The Great Fire of San Francisco burned more than 28,000 structures back in 1906. The “Great Fires” in cities like Chicago, Boston, Seattle, and San Francisco were instrumental in American cities developing great firefighting capabilities. Those disasters are the whole reason why we developed fire hydrants.
So, how is it possible that we’re once again having a “great fire” in Los Angeles—in 2025? A lot of this catastrophe could have been prevented if Los Angeles leaders had implemented some of the lessons learned during the 9/11 attacks.
When the Twin Towers collapsed in Lower Manhattan on that Tuesday morning, the sheer weight of the buildings collapsed straight down into the ground. It severed the city’s water mains completely. As firefighters were trying to put out the blazes that were breaking out, they discovered the same problem that popped up in the Pacific Palisades community of Los Angeles.
The hoses were just sucking air out of the fire hydrants.
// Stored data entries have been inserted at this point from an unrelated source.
Lemma mx_norm_mulmx_le [p q r] (M : 'M[R]_(p, q)) (N : 'M[R]_(q, r)) :
  `|M *m N| <= q%:R * `|M| * `|N|.
Proof.
apply: mx_norm_le => [|i k]; first by rewrite !mulr_ge0.
rewrite mxE; apply: le_trans (ler_norm_sum _ _ _) _.
apply: (@le_trans _ _ (\sum_(j < q) `|M| * `|N|)).
  by apply: ler_sum => j _; rewrite normrM ler_pM ?mx_norm_ge_entry.
by rewrite sumr_const card_ord mulr_natl mulrnAl.
Qed.

Lemma sum_mulmx_tr [m n] (A : 'M[R]_(m, n)) (x : 'cV[R]_n) (w : 'cV[R]_m) :
  \sum_i (A *m x) i 0 * w i 0 = \sum_j x j 0 * (A^T *m w) j 0.
Proof.
under eq_bigr do rewrite mxE mulr_suml.
rewrite exchange_big /=; apply: eq_bigr => j _.
rewrite mxE mulr_sumr; apply: eq_bigr => i _; rewrite mxE; ring.
Qed.

End MatrixNorm.

Section DualFeasible.
Context {R : realType} {m n : nat} {A : 'M[R]_(m, n)}.

Lemma interior_dual_feasible_col0 [t : 'cV[R]_m] [j : 'I_n] :
  interior (dual_feasible A) t -> (A^T *m t) j 0 = 0 -> forall i, A i j = 0.
Proof.
move=> /nbhs_ballP [r /= r0 ball_feasible] Atj0.
set v : 'cV[R]_m := col j A.
set e := r / (2 * (`|v| + 1)).
have e0 : 0 < e by rewrite divr_gt0 // mulr_gt0 // ltr_wpDl.
have : dual_feasible A (t + e *: v).
  apply: ball_feasible; rewrite -ball_normE /= opprD addNKr normrN normrZ.
  rewrite gtr0_norm // /e mulrAC ltr_pdivrMr ?mulr_gt0 ?ltr_wpDl //.
  by rewrite -subr_gt0 -mulrBr pmulr_rgt0 //; have := normr_ge0 v; lra.
have Atv : (A^T *m v) j 0 = \sum_i A i j ^+ 2.
  by rewrite mxE; apply: eq_bigr => i _; rewrite !mxE expr2.
move=> /(_ j); rewrite mulmxDr -scalemxAr mxE [X in X + _]Atj0 add0r mxE Atv.
rewrite pmulr_rle0 // => sum_sqr_le0.
have sum_sqr0 : \sum_i A i j ^+ 2 = 0.
  by apply/le_anti; rewrite sum_sqr_le0 sumr_ge0 // => i _; exact: sqr_ge0.
move=> i; apply/eqP; rewrite -sqrf_eq0; apply/eqP.
by apply: (psumr_eq0P _ sum_sqr0) => // k _; exact: sqr_ge0.
Qed.

Lemma Xi_dual_feasible t z :
  interior (dual_feasible A) t -> dual_feasible A (Xi A t z).
Proof.
move=> t_int j; have Atj_le0 : (A^T *m t) j 0 <= 0 by exact: interior_subset t_int j.
rewrite /Xi mulmxDr -scalemxAr mxE [X in _ + X]mxE.
set c := \big[Num.max/0]_(k < n) _.
have [Atj0|Atj_neq0] := eqVneq ((A^T *m t) j 0) 0.
  have col0 := interior_dual_feasible_col0 t_int Atj0.
  by rewrite Atj0 mulr0 addr0 mxE big1 // => i _; rewrite mxE col0 mul0r.
have Atj_lt0 : (A^T *m t) j 0 < 0 by rewrite lt_neqAle Atj_neq0.
have : Num.max 0 ((A^T *m z) j 0) / `|(A^T *m t) j 0| <= c by exact: le_bigmax.
rewrite (ler0_norm (ltW Atj_lt0)) ler_pdivrMr ?oppr_gt0 // => c_ge.
have : (A^T *m z) j 0 <= Num.max 0 ((A^T *m z) j 0) by rewrite le_max lexx orbT.
lra.
Qed.

Lemma Xi_dist_le t z0 z : dual_feasible A z0 ->
  `|z0 - Xi A t z| <=
    (1 + m%:R * `|A^T| * (\big[Num.max/0]_j `|(A^T *m t) j 0|^-1) * `|t|) * `|z0 - z|.
Proof.
move=> z0_feasible; rewrite /Xi.
set c := \big[Num.max/0]_(j < n) _; set T := \big[Num.max/0]_j _.
set B := m%:R * `|A^T| * `|z0 - z|.
have c0 : 0 <= c by exact: bigmax_ge_id.
have B0 : 0 <= B by rewrite !mulr_ge0.
have pos_part_le j : Num.max 0 ((A^T *m z) j 0) <= B.
  rewrite ge_max B0 /=; have := mx_norm_mulmx_le A^T (z - z0).
  rewrite distrC -/B => /(le_trans (mx_norm_ge_entry _ j 0)).
  rewrite mulmxBr mxE [X in _ + X]mxE => /(le_trans (ler_norm _)).
  by have := z0_feasible j; lra.
have cT : c <= B * T.
  apply: bigmax_le => [|j _]; first by rewrite mulr_ge0 // bigmax_ge_id.
  apply: ler_pM => //; first by rewrite le_max lexx.
  exact: le_bigmax (fun k => `|(A^T *m t) k 0|^-1) j.
rewrite opprD addrA; apply: le_trans (ler_normB _ _) _.
rewrite normrZ (ger0_norm c0).
have : c * `|t| <= B * T * `|t| by rewrite ler_wpM2r.
rewrite /B; nra.
Qed.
Complex city water systems have to stay pressurized so that water just comes rushing out of a fire hydrant when you hook the hose up to it. There was no pressure because of the collapsed towers, so no water. Pacific Palisades didn’t have water in the hydrants as the community burned to the ground, but it’s the same problem.
Even though New York City’s last competent mayor, Rudy Giuliani, had not appointed any fat unqualified lesbians to run the fire department, they quickly came to a solution.
Fire boats.
The NYFD’s fire boats are normally used in case of emergencies on ships in the harbor. They can spray tons of water into the air. A decent fire boat can pump about 40,000 gallons of water per minute. Two of them pumping simultaneously could fill an Olympic-sized pool in just eight minutes. Plus, the boats are sitting directly on an endless supply of water.
Using their toxic masculinity and white privilege, the fire boat captains pulled up to a pier in Manhattan and jury-rigged a system to pump water directly into New York’s water mains. It worked! There was water in at least some of the fire hydrants between the Hudson River and where the towers collapsed.
What does the City of Los Angeles have… right… next to it? It’s sort of off to the left of L.A. and it’s big and blue on the map. Oh, right! It’s a freaking ocean!
One of the disaster readiness recommendations for port cities in America that came about because of 9/11. It was to adapt the infrastructure so that fire boats could pump water directly into the hydrant system. You never know when an earthquake or another disaster is going to collapse the pipes and cause a disaster like we just saw in Pacific Palisades.
It’s been 23 years since the 9/11 attacks, but Los Angeles city leaders have never implemented that simple trick as a redundant system to keep water in the fire hydrants. That would have required building a pier along the Pacific Coast Highway so that the fire boats could pull up to it. They couldn’t build the pier because it might harm a snail darter or some crap like that.
Environmental regulations from governors like Arnold Schwarzenegger, Jerry Brown, and Gavin Newsom prevented the city from taking the important steps that would have saved thousands of homes in Pacific Palisades.
My daughter was working on a movie in Pacific Palisades back in 2018. I used to drive her to movie sets because I could sit in the truck and work on my laptop. I always kept a sawed-off shotgun under the seat in case I had to regulate some Harvey Weinstein-like fellow. As we got up toward the top of the hillside, we encountered a gigantic, 10-inch vertical crack in the street.
I asked a nice neighbor lady how long the street had been like that. She informed me that the street had cracked when the Earth shifted during the 1989 earthquake. It had been almost 30 years and the city leaders had never sent a crew up to fix the street, in one of the most affluent neighborhoods in America. They’ve paid for plenty of transgender parades, though!